Most of them were older, and their lawn-mowing years were over. Retirement, for them, came down to sitting under their aluminum patio cover after an afternoon of blowing the leaves off the never-growing lawn. They smiled a lot, and Jake envied them. But he got a good tan out of the work, and all the digging kept him in shape. Still, he felt deep down, somewhere in his soul, that installing fake grass was an affront to God. And here he was rolling the astroturf out over his own neighborhood.

He couldn't help but look at it, as he ran past. He saw the turf coming up on one corner. And a bump in the middle where an old root was that he couldn't (or didn't) remove during the install. He saw the sand collecting on one end, and blowing up on to the driveway. He hoped the customer didn't recognize him running past, and he tried not to notice the grasses' more than ten percent fade rate, which was contrary to the written warranty. It wasn't his fault!

And as he came past, and around and back up the hill to his house, he thought of today's job: another lawn in another part of town. The digging that needed to be done, and how tiring it as going to be in the noonday sun, and how tired he already was, from the run. And why was he out here doing it to himself, anyway?

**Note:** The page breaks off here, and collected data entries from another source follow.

(* The logic $\mathsf{LCA}$ is sound and complete for the class of all models: for every $\varphi\in\mathcal{L}$, $\varphi$ is a theorem of $\mathsf{LCA}$ iff $\varphi$ is valid (true in every model $(S,U)$). Here $\mathsf{LCA}$ is the extension of classical propositional logic (over $\mathcal{L}$) by the following axioms and rules, for all $i\in\mathit{Agt}$, $\alpha\in\mathcal{L}_0$, $\varphi,\psi\in\mathcal{L}$, and $\circledcirc\in\{\mathcal{A}_i,\mathcal{R}_i,\mathcal{A}^{\mathsf{real}}_i,\mathcal{R}^{\mathsf{real}}_i\}$: (A1) $(\Box_i\varphi\wedge\Box_i(\varphi\to\psi))\to\Box_i\psi$; (A2) $(\circledcirc\varphi\wedge\circledcirc(\neg\varphi\wedge\psi))\to\circledcirc\psi$; (A3) $\triangle_i\alpha\to\Box_i\alpha$; (A4) $\triangle_i(\alpha\to\mathsf{rew}_i)\to\mathcal{A}_i\alpha$; (A5) $\triangle_i(\alpha\to\mathsf{pun}_i)\to\mathcal{R}_i\alpha$; (A6) $\mathcal{A}_i\varphi\to\mathcal{A}^{\mathsf{real}}_i\varphi$; (A7) $\mathcal{R}_i\varphi\to\mathcal{R}^{\mathsf{real}}_i\varphi$; (A8) $\Box_i\varphi\to\mathcal{A}^{\mathsf{real}}_i\neg\varphi$; (A9) $\Box_i\varphi\to\mathcal{R}^{\mathsf{real}}_i\neg\varphi$; (A10) $\mathcal{A}^{\mathsf{real}}_i\varphi\to\Box_i(\varphi\to\mathsf{rew}_i)$; (A11) $\mathcal{R}^{\mathsf{real}}_i\varphi\to\Box_i(\varphi\to\mathsf{pun}_i)$; (R1) from $\varphi$ infer $\Box_i\varphi$; (R2) from $\varphi$ infer $\circledcirc\neg\varphi$; (R3) from $\varphi\leftrightarrow\psi$ infer $\circledcirc\varphi\leftrightarrow\circledcirc\psi$.
   Context: Let $\mathit{Agt}=\{1,\dots,n\}$ be a finite set of agents and $\mathit{Atm}$ a countably infinite set of atoms containing, for each $i\in\mathit{Agt}$, special atoms $\mathsf{rew}_i$ and $\mathsf{pun}_i$. The language $\mathcal{L}_0$ is given by $\alpha::=p\mid\neg\alpha\mid\alpha\wedge\alpha\mid \triangle_i\alpha$ ($p\in\mathit{Atm}$, $i\in\mathit{Agt}$); $\to,\vee,\leftrightarrow,\top,\bot$ are the usual abbreviations. A state is a tuple $S=((B_i)_{i\in\mathit{Agt}},V)$ with $B_i\subseteq\mathcal{L}_0$ and $V\subseteq\mathit{Atm}$; $\mathbf{S}$ is the set of all states. Truth of $\mathcal{L}_0$-formulas: $S\models p$ iff $p\in V$; Boolean clauses as usual; $S\models\triangle_i\alpha$ iff $\alpha\in B_i$. Define $\mathit{Des}_i(S)=\{\alpha\in\mathcal{L}_0:(\alpha\to\mathsf{rew}_i)\in B_i\}$ and $\mathit{Und}_i(S)=\{\alpha\in\mathcal{L}_0:(\alpha\to\mathsf{pun}_i)\in B_i\}$. Relations on $\mathbf{S}$: $S\,\mathcal{E}_i\,S'$ iff $S'\models\alpha$ for all $\alpha\in B_i$; $S\,\mathcal{A}_i\,S'$ iff $S'\models\alpha$ for some $\alpha\in\mathit{Des}_i(S)$; $S\,\mathcal{R}_i\,S'$ iff $S'\models\alpha$ for some $\alpha\in\mathit{Und}_i(S)$. A model is a pair $(S,U)$ with $S\in U\subseteq\mathbf{S}$. The language $\mathcal{L}$ is $\varphi::=\alpha\mid\neg\varphi\mid\varphi\wedge\varphi\mid\Box_i\varphi\mid\mathcal{A}_i\varphi\mid\mathcal{R}_i\varphi\mid\mathcal{A}^{\mathsf{real}}_i\varphi\mid\mathcal{R}^{\mathsf{real}}_i\varphi$ with $\alpha\in\mathcal{L}_0$. Semantics: $(S,U)\models\alpha$ iff $S\models\alpha$; Boolean clauses as usual; $(S,U)\models\Box_i\varphi$ iff for all $S'\in U$ with $S\mathcal{E}_iS'$, $(S',U)\models\varphi$; $(S,U)\models\mathcal{A}_i\varphi$ iff for all $S'\in U$ with $(S',U)\models\varphi$, $S\mathcal{A}_iS'$; $(S,U)\models\mathcal{R}_i\varphi$ iff for all $S'\in U$ with $(S',U)\models\varphi$, $S\mathcal{R}_iS'$; $(S,U)\models\mathcal{A}^{\mathsf{real}}_i\varphi$ iff for all $S'\in U$ with $(S',U)\models\varphi$ and $S\mathcal{E}_iS'$, $S\mathcal{A}_iS'$; $(S,U)\models\mathcal{R}^{\mathsf{real}}_i\varphi$ iff for all $S'\in U$ with $(S',U)\models\varphi$ and $S\mathcal{E}_iS'$, $S\mathcal{R}_iS'$. *)

From mathcomp Require Import all_boot.
Set Implicit Arguments.
Unset Strict Implicit.
Unset Printing Implicit Defensive.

He was about to step into the boulevard and back across when he saw him there on the other side. The Naked Runner. Little blue shorts today. Running shoes. And, again, no shirt. The man with intent, and at a good clip. Jake kind of admired the pace the guy kept, to be honest, but that clenched jaw and those squinting eyes. That furrowed brow that looked angry, it kept Jake at bay, and he moved up the opposite side of the street until he was past. And then he crossed. Avoiding the naked runner entirely. Don't mess with him, he thought. Best not to get in his way.

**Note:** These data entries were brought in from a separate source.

(* In the standard LLP setup, for all $N,M\ge1$: $L(G,\gamma^M_{cons})\subseteq L(G,\gamma^N_{optm})$.
   Context: Standard LLP setup. $\Sigma=\Sigma_c\,\dot\cup\,\Sigma_{uc}$ is a finite alphabet partitioned into controllable and uncontrollable events. The plant $G$ has generated language $L(G)$ and marked language $L_m(G)$ with $L(G)=\overline{L_m(G)}$ ($\overline{M}$ = set of prefixes of strings in $M$). The legal language $K\subseteq L_m(G)$ satisfies $K=\overline{K}\cap L_m(G)$. For a prefix-closed $L$, $M$ is controllable w.r.t. $L$ if $\overline{M}\Sigma_{uc}\cap L\subseteq\overline{M}$. For a language $L$ and $s\in\Sigma^*$: $L/s=\{t: st\in L\}$; $L|_N=\{t\in L:|t|\le N\}$; $\Sigma_{L(G)}(s)=\{\sigma\in\Sigma: s\sigma\in L(G)\}$. $M^{\uparrow/s|_N}$ is the supremal sublanguage of $M$ controllable w.r.t. $L(G)/s|_N$. Conservative attitude: $f^N_{cons}(s)=[K/s|_{N-1}]^{\uparrow/s|_N}$; optimistic attitude: $f^N_{optm}(s)=[K/s|_N\cup(\overline{K}/s|_N\setminus\overline{K}/s|_{N-1})]^{\uparrow/s|_N}$. For $a\in\{cons,optm\}$ the control policy is $\gamma^N_a(s)=(\overline{f^N_a(s)}\cap\Sigma)\cup(\Sigma_{uc}\cap\Sigma_{L(G)}(s))$. Closed-loop language $L(G,\gamma)$: $\epsilon\in L(G,\gamma)$, and $s\sigma\in L(G,\gamma)$ iff $s\in L(G,\gamma)$, $s\sigma\in L(G)$, $\sigma\in\gamma(s)$. *)

From mathcomp Require Import all_boot.
Set Implicit Arguments. Unset Strict Implicit. Unset Printing Implicit Defensive.

Section LLP.
Variable Sigma : finType.

Definition lang := seq Sigma -> Prop.

Definition pclos (M : lang) : lang := fun t => exists u, M (t ++ u).

Definition quot (L : lang) (s : seq Sigma) : lang := fun t => L (s ++ t).

Definition trunc (L : lang) (N : nat) : lang := fun t => L t /\ size t <= N.

Definition controllable (uc : pred Sigma) (M L : lang) : Prop :=
  forall t (e : Sigma), pclos M t -> uc e -> L (rcons t e) -> pclos M (rcons t e).

Definition supcon (uc : pred Sigma) (L M : lang) : lang :=
  fun t => exists M' : lang,
    [/\ (forall w, M' w -> M w), controllable uc M' L & M' t].

Definition f_cons (uc : pred Sigma) (LG K : lang) (N : nat) (s : seq Sigma) : lang :=
  supcon uc (trunc (quot LG s) N) (trunc (quot K s) N.-1).

Definition f_optm (uc : pred Sigma) (LG K : lang) (N : nat) (s : seq Sigma) : lang :=
  supcon uc (trunc (quot LG s) N)
    (fun t => trunc (quot K s) N t \/
              (trunc (quot (pclos K) s) N t /\ ~ trunc (quot (pclos K) s) N.-1 t)).

Definition policy (uc : pred Sigma) (LG : lang) (f : seq Sigma -> lang)
  (s : seq Sigma) (e : Sigma) : Prop :=
  pclos (f s) [:: e] \/ (uc e /\ LG (rcons s e)).

Inductive closed_loop (LG : lang) (gam : seq Sigma -> Sigma -> Prop) : lang :=
| cl_nil : closed_loop LG gam [::]
| cl_rcons s e : closed_loop LG gam s -> LG (rcons s e) -> gam s e ->
                 closed_loop LG gam (rcons s e).

End LLP.

From mathcomp Require Import all_boot.

(* Since both closed loops are generated by the same plant, it suffices to show
   that the conservative policy enables no event the optimistic one disables
   ([closed_loop_mono]).  Uncontrollable plant events are enabled by both; an
   event e enabled because [:: e] prefixes a word of f^M_cons(s) comes from a
   controllable sublanguage M' of K/s|_{M-1} w.r.t. L(G)/s|_M.  Its horizon-N
   cut [cut M' N] -- the prefixes of M' of length at most N that are either
   words of M' or of length exactly N -- keeps every short prefix of M'
   ([pclos_cut]), lies inside the optimistic target language
   ([cut_sub_optm_target]): words of M' belong to K/s, and length-N prefixes
   belong to \overline{K}/s|_N minus \overline{K}/s|_{N-1}, and it is
   controllable w.r.t. L(G)/s|_N ([cut_controllable]).  Hence it is contained
   in f^N_optm(s), and [:: e] is a prefix of one of its words. *)

Section Monotonicity.
Variable Sigma : finType.
Implicit Types (L P : lang Sigma) (s t : seq Sigma).

Lemma closed_loop_mono L (gam gam' : seq Sigma -> Sigma -> Prop) :
  (forall s e, gam s e -> gam' s e) ->
  forall s, closed_loop L gam s -> closed_loop L gam' s.
Proof.
move=> sub_gam s; elim=> [|t e _ IH Lte gam_te]; first exact: cl_nil.
by apply: cl_rcons => //; apply: sub_gam.
Qed.

Definition cut P (N : nat) : lang Sigma :=
  fun t => [/\ pclos P t, size t <= N & P t \/ size t = N].

(* The cut has the same prefixes of length at most N as P: extend such a
   prefix inside P and stop either at the word of P or at length N. *)
Lemma pclos_cut P N t : pclos P t -> size t <= N -> pclos (cut P N) t.
Proof.
move=> [v Ptv] le_tN.
have [le_tvN | lt_N_tv] := leqP (size (t ++ v)) N.
  by exists v; split=> //; [exists [::]; rewrite cats0 | left].
have le_N_tv : N - size t <= size v by rewrite leq_subLR -size_cat ltnW.
have size_cut : size (t ++ take (N - size t) v) = N.
  by rewrite size_cat size_takel // subnKC.
exists (take (N - size t) v); split; last by right.
- by exists (drop (N - size t) v); rewrite -catA cat_take_drop.
- by rewrite size_cut.
Qed.

Definition optm_target (K : lang Sigma) s (N : nat) : lang Sigma :=
  fun t => trunc (quot K s) N t \/
           (trunc (quot (pclos K) s) N t /\ ~ trunc (quot (pclos K) s) N.-1 t).

(* Cutting a sublanguage of K/s at a positive horizon N lands in the
   optimistic target: length-N prefixes are "pending" strings of \overline{K}. *)
Lemma cut_sub_optm_target (K M' : lang Sigma) s N :
  1 <= N -> (forall t, M' t -> quot K s t) ->
  forall t, cut M' N t -> optm_target K s N t.
Proof.
move=> N_gt0 sub_M' t; case=> -[v M'tv] le_tN [M't | size_tN].
  by left; split=> //; apply: sub_M'.
right; split; first by split=> //; exists v; rewrite /quot -catA; apply: sub_M'.
by case=> _; rewrite size_tN -ltnS prednK ?ltnn.
Qed.

Lemma cut_controllable (uc : pred Sigma) (L M' : lang Sigma) M N :
  1 <= M -> (forall t, M' t -> size t <= M.-1) ->
  controllable uc M' (trunc L M) -> controllable uc (cut M' N) (trunc L N).
Proof.
move=> M_gt0 short_M' ctrl_M' t e [v] /= -[[w M'tvw] _ _] uc_e [Lte le_teN].
apply: pclos_cut le_teN; apply: ctrl_M' => //.
  by exists (v ++ w); rewrite catA.
split=> //; rewrite size_rcons -(prednK M_gt0) ltnS.
apply: leq_trans (short_M' _ M'tvw).
by rewrite -catA size_cat leq_addr.
Qed.

Lemma pclos_cons_optm (uc : pred Sigma) (LG K : lang Sigma) N M s t :
  1 <= N -> 1 <= M -> size t <= N ->
  pclos (f_cons uc LG K M s) t -> pclos (f_optm uc LG K N s) t.
Proof.
move=> N_gt0 M_gt0 le_tN [u [M' [sub_M' ctrl_M' M'tu]]].
have [w cut_tw] : pclos (cut M' N) t by apply: pclos_cut => //; exists u.
exists w; exists (cut M' N); split=> //.
- by apply: cut_sub_optm_target => // r /sub_M' [].
- by apply: cut_controllable ctrl_M' => // r /sub_M' [].
Qed.

Lemma policy_cons_optm (uc : pred Sigma) (LG K : lang Sigma) N M s e :
  1 <= N -> 1 <= M ->
  policy uc LG (f_cons uc LG K M) s e -> policy uc LG (f_optm uc LG K N) s e.
Proof.
move=> N_gt0 M_gt0 [pre_e | uc_e]; last by right.
by left; apply: pclos_cons_optm pre_e.
Qed.

End Monotonicity.

Theorem theorem8 (Sigma : finType) (uc : pred Sigma) (Lm K : lang Sigma)
  (HKsub : forall t, K t -> Lm t)
  (HKclosed : forall t, K t <-> (pclos K t /\ Lm t))
  (N M : nat) (HN : 1 <= N) (HM : 1 <= M) :
  forall s : seq Sigma,
    closed_loop (pclos Lm) (policy uc (pclos Lm) (f_cons uc (pclos Lm) K M)) s ->
    closed_loop (pclos Lm) (policy uc (pclos Lm) (f_optm uc (pclos Lm) K N)) s.
Proof.
apply: closed_loop_mono => s e.
exact: policy_cons_optm.
Qed.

And he followed the sidewalk the last few blocks home. Under the pine trees and sidestepping the ankle-busting pinecones that rolled beneath his feet. Past the graffiti laced street sign that he'd been meaning to clean, and around the last corner, over the old manhole cover, up around the gutter and storm drain, and there it caught his eye, as it always does, the old rusty brake drum.

It looked like it had come off a truck a year or so ago, and the weight of it, and it's unobtrusive location away from the walk, left it undisturbed there. No one felt the need to move it, or haul it away. The brake just sat and rusted, there, at the side of the road. Jake tied to make a metaphor out of it, on nearly every run. That here was an abandoned brake, rusting away. That perhaps it was shorn off by someone in the heat of escape, racing to break out out and away from the suburbs. The brakes had come off, and it was no matter. We've got to get out of here, and we've got to go fast. And we're not gonna need that because we ain't planning on stopping.

But that was not the metaphor that stuck in Jake's head. It was quite the contrary. It was a brake, to be sure, but it was frozen in time, and not going anywhere. We'd stopped in the suburbs for repairs, and just plain rusted out. We broke down and stopped forever.

When Jake got home he walked off the sweat a bit before heading inside. And between the curb and his desk was a wash of a thousand little tasks: consider what had to be unloaded and loaded into the truck for the day, get next week's orders in, return a few phone calls and type up those all-important invoices, clean the coffee carafe, pick up the kids' toys -especially the wheeled ones at the top of the stairs- and fill his water bottle for the work day, change into his boots, figure his schedule and get out. It was another busy day, and he'd already blown an hour of it running around the neighborhood. 

As he pulled the truck out of the driveway and headed out of the cul-de-sac, he saw the Naked Runner coming in, full stride. They didn't make eye contact, but Jake remembered that he hadn't gotten around to writing any of it down that morning, and he intended to catch up on it later that night after the kids were put to bed. But he was afraid he'd know just how tired he'd be by then, after a day of digging up old dead grass, and he knew no words would get down on paper tonight either.